The Komedia Kvizo had started. Perhaps this would be instructive. I had hoped to get to the heart of the matter straight away. I had hoped to re-examine the biggest question of our times—the European Union referendum—but to come at it from deep within the pan-European hinterlands of Remainia. But instead, the question we were all facing was: “Kiom ofte mi uzas drogojn?”
Welcome, friends, to the British Esperanto Conference 2016, “emanating” this year from Merseyside. Truth be told, things had not looked promising in the beginning. Sky like a sodden ashtray. Potato juice rain beading on all the windows of the buses going by. People hunched and harried on the pavement hurrying home. None of them going my way. No other writers. No journalists. No news crews. (It can be lonely at the top.) I had been directed to the single most anonymous and forlorn conference centre in the UK. There I had found a forgotten glass door on which was thinly gummed a single blue A4 poster: “Esperanto—Asocio de Britio”; the “o” of the word “Esperanto” having been replaced with a globe.
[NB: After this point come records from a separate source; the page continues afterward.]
Lemma Uopen_group : group_topology Uopen.
Proof.
split; first split.
- by move=> x _; exists (fun _ => 0%N).
- split.
  + move=> U V HU HV x [Ux Vx].
    have [m1 H1] := HU x Ux; have [m2 H2] := HV x Vx.
    exists (fun i => maxn (m1 i) (m2 i)) => u [k Hk]; split.
    * by apply: H1; exists k; apply: (tail_sum_mono _ Hk) => j; apply: leq_maxl.
    * by apply: H2; exists k; apply: (tail_sum_mono _ Hk) => j; apply: leq_maxr.
  + move=> F HF x [U [FU Ux]].
    have [m Hm] := HF U FU x Ux.
    by exists m => u Hu; exists U; split => //; apply: Hm.
- move=> x y W HW Wxy.
  have [m Hm] := HW _ Wxy.
  exists (Uball (dbl m) x), (Uball (dbl m) y).
  split; [exact: Uball_open|exact: Uball_open|exact: Uball_center|exact: Uball_center|].
  move=> u v /Uball_sub Hu /Uball_sub Hv.
  have := Hm _ (Unbhd_sub Hu Hv); congr W.
  by rewrite opprB addrCA [x - y + _]addrA subrK [u - x + _]addrA subrK.
Qed.

Lemma Uopen_converges : converges Uopen a 0.
Proof.
move=> W HW W0; have [m Hm] := HW 0 W0.
exists (m 0%N) => n Hn; rewrite -[a n]add0r; apply: Hm.
exists 1%N; exists (a n), 0; split => //; last by rewrite addr0.
by right; exists n; split => //; left.
Qed.

Lemma tau_Uball (O : gset (gset G)) m c : is_tau a O -> O (Uball m c).
Proof.
move=> [_ _ tau_finest].
by apply: (tau_finest Uopen); [exact: Uopen_group|exact: Uopen_converges|exact: Uball_open].
Qed.

End SequenceTopology.

Lemma uncovered_sequence (G : zmodType) (a : nat -> G) (X : gset G) :
  ~ (exists (s : seq G) n, forall z, X z -> plus_set (of_seq s) (Asum a n) z) ->
  exists x : nat -> G, (forall n, X (x n)) /\
    forall j n, (j < n)%N -> ~ Asum a n (x n - x j).
Proof.
move=> uncovered.
have bad (s : seq G) n : exists z, X z /\ ~ plus_set (of_seq s) (Asum a n) z.
  apply: NNPP => none; apply: uncovered; exists s, n => z Xz.
  by apply: NNPP => nz; apply: none; exists z.
have [pick pick_spec] := choice (fun (p : seq G * nat) z =>
  X z /\ ~ plus_set (of_seq p.1) (Asum a p.2) z) (fun p => bad p.1 p.2).
pose fix prefix n := if n is n'.+1 then rcons (prefix n') (pick (prefix n', n')) else [::].
pose x n := pick (prefix n, n).
have prefix_mem j n : (j < n)%N -> x j \in prefix n.
  elim: n => [|n IH] //; rewrite ltnS leq_eqVlt => /orP [/eqP ->|jn] /=.
    by rewrite mem_rcons mem_head.
  by rewrite mem_rcons in_cons (IH jn) orbT.
exists x; split => [n|j n jn An]; first by case: (pick_spec (prefix n, n)).
case: (pick_spec (prefix n, n)) => _; apply; exists (x j), (x n - x j).
by split; [exact: prefix_mem|exact: An|rewrite addrC subrK].
Qed.

Section PrecompactCover.
Variables (G : zmodType) (a : nat -> G) (O : gset (gset G)).
Hypotheses (O_tau : is_tau a O) (O_T2 : hausdorff O).

Let O_group : group_topology O. Proof. by case: O_tau. Qed.
Let a0 : converges O a 0. Proof. by case: O_tau. Qed.

Lemma tail_sum_in_chain (Z : nat -> gset G) m :
  (forall n, Z n 0 /\ forall u v, Z n.+1 u -> Z n.+1 v -> Z n (u + v)) ->
  (forall n z, tail_set a (m n) z -> Z n z) ->
  forall l n t, tail_sum a m n l t -> exists u v, [/\ Z n u, Z n v & t = u + v].
Proof.
move=> Z_chain tail_Z; elim=> [|l IH] n t /=.
  by move=> ->; exists 0, 0; have [Z0 _] := Z_chain n; rewrite addr0.
move=> [y [t' [Ay /IH [u [v [Zu Zv ->]]] ->]]].
exists y, (u + v); split => //; first exact: tail_Z.
by apply: (Z_chain n).2.
Qed.

Lemma separating_Unbhd (x : nat -> G) :
  (forall j n, (j < n)%N -> ~ Asum a n (x n - x j)) ->
  exists m, forall j n, (j < n)%N -> ~ Unbhd a m (x n - x j).
Proof.
move=> x_apart.
have [W W_spec] : exists W : nat -> gset G, forall n, [/\ O (W n), W n 0 &
    forall j w, (j < n)%N -> W n w -> ~ Asum a n (x n - x j - w)].
  apply: (choice (fun n W => [/\ O W, W 0 &
    forall j w, (j < n)%N -> W w -> ~ Asum a n (x n - x j - w)])) => n /=.
  apply: (@finite_inter_nbhd _ O O_group (fun j w => ~ Asum a n (x n - x j - w))) => j jn.
  by apply: (Asum_closed O_group a0 O_T2); apply: x_apart.
have [|Z Z_spec] := @halving_chain _ O O_group W _.
  by move=> n; have [OW W0 _] := W_spec n.
have [m m_spec] : exists m : nat -> nat,
    forall n k, (m n <= k)%N -> Z n (a k) /\ Z n (- a k).
  apply: (choice (fun n N => forall k, (N <= k)%N -> Z n (a k) /\ Z n (- a k))) => n /=.
  by have [OZ Z0 _ _] := Z_spec n; exact (converges_pm O_group a0 OZ Z0).
have tail_Z n z : tail_set a (m n) z -> Z n z.
  move=> [->|[k [mk [->|->]]]]; first by case: (Z_spec n).
  - by case: (m_spec n k mk).
  - by case: (m_spec n k mk).
have Z_chain n : Z n 0 /\ forall u v, Z n.+1 u -> Z n.+1 v -> Z n (u + v).
  by case: (Z_spec n).
exists m => j n jn [k /(tail_sum_pad n)]; rewrite addnC => /tail_sum_split.
move=> [s [t [Hs /(tail_sum_in_chain Z_chain tail_Z) [u [v [Zu Zv ->]]] xnj]]].
have [_ _ W_sep] := W_spec n.
apply: (W_sep j (u + v) jn); first by have [_ _ ZZ _] := Z_spec n; apply: ZZ.
by rewrite xnj addrK; apply: tail_sum_Asum Hs.
Qed.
Once inside though… Once inside, everything turned colour and warm and iridescent. And what a welcome. No doubt about it: these were la belaj homoj. Seventy or so of the most sexy katoj you are ever going to meet in your life. I felt like I’d walked into a shiny multi-coloured electric Kool-Aid dream of an impossible future from long ago. Like it was Buck Rogers’s birthday all over again. (The word “Esperanto” means “a person who hopes”… in Esperanto). Like I’d left behind some terrible 1950s black-and-white nightmare of a purse-lipped Michael Gove-led rump-Britannia and instead entered a joyful Elysian of Enlightenment. Were Boris Johnson ever to re-spawn here, I thought to myself, it would be back in his rightful place—as a chubby eunuch-mute charged with the sole task of silently serving champagne by way of penance for his previous lifetime of deepest disingenuousness.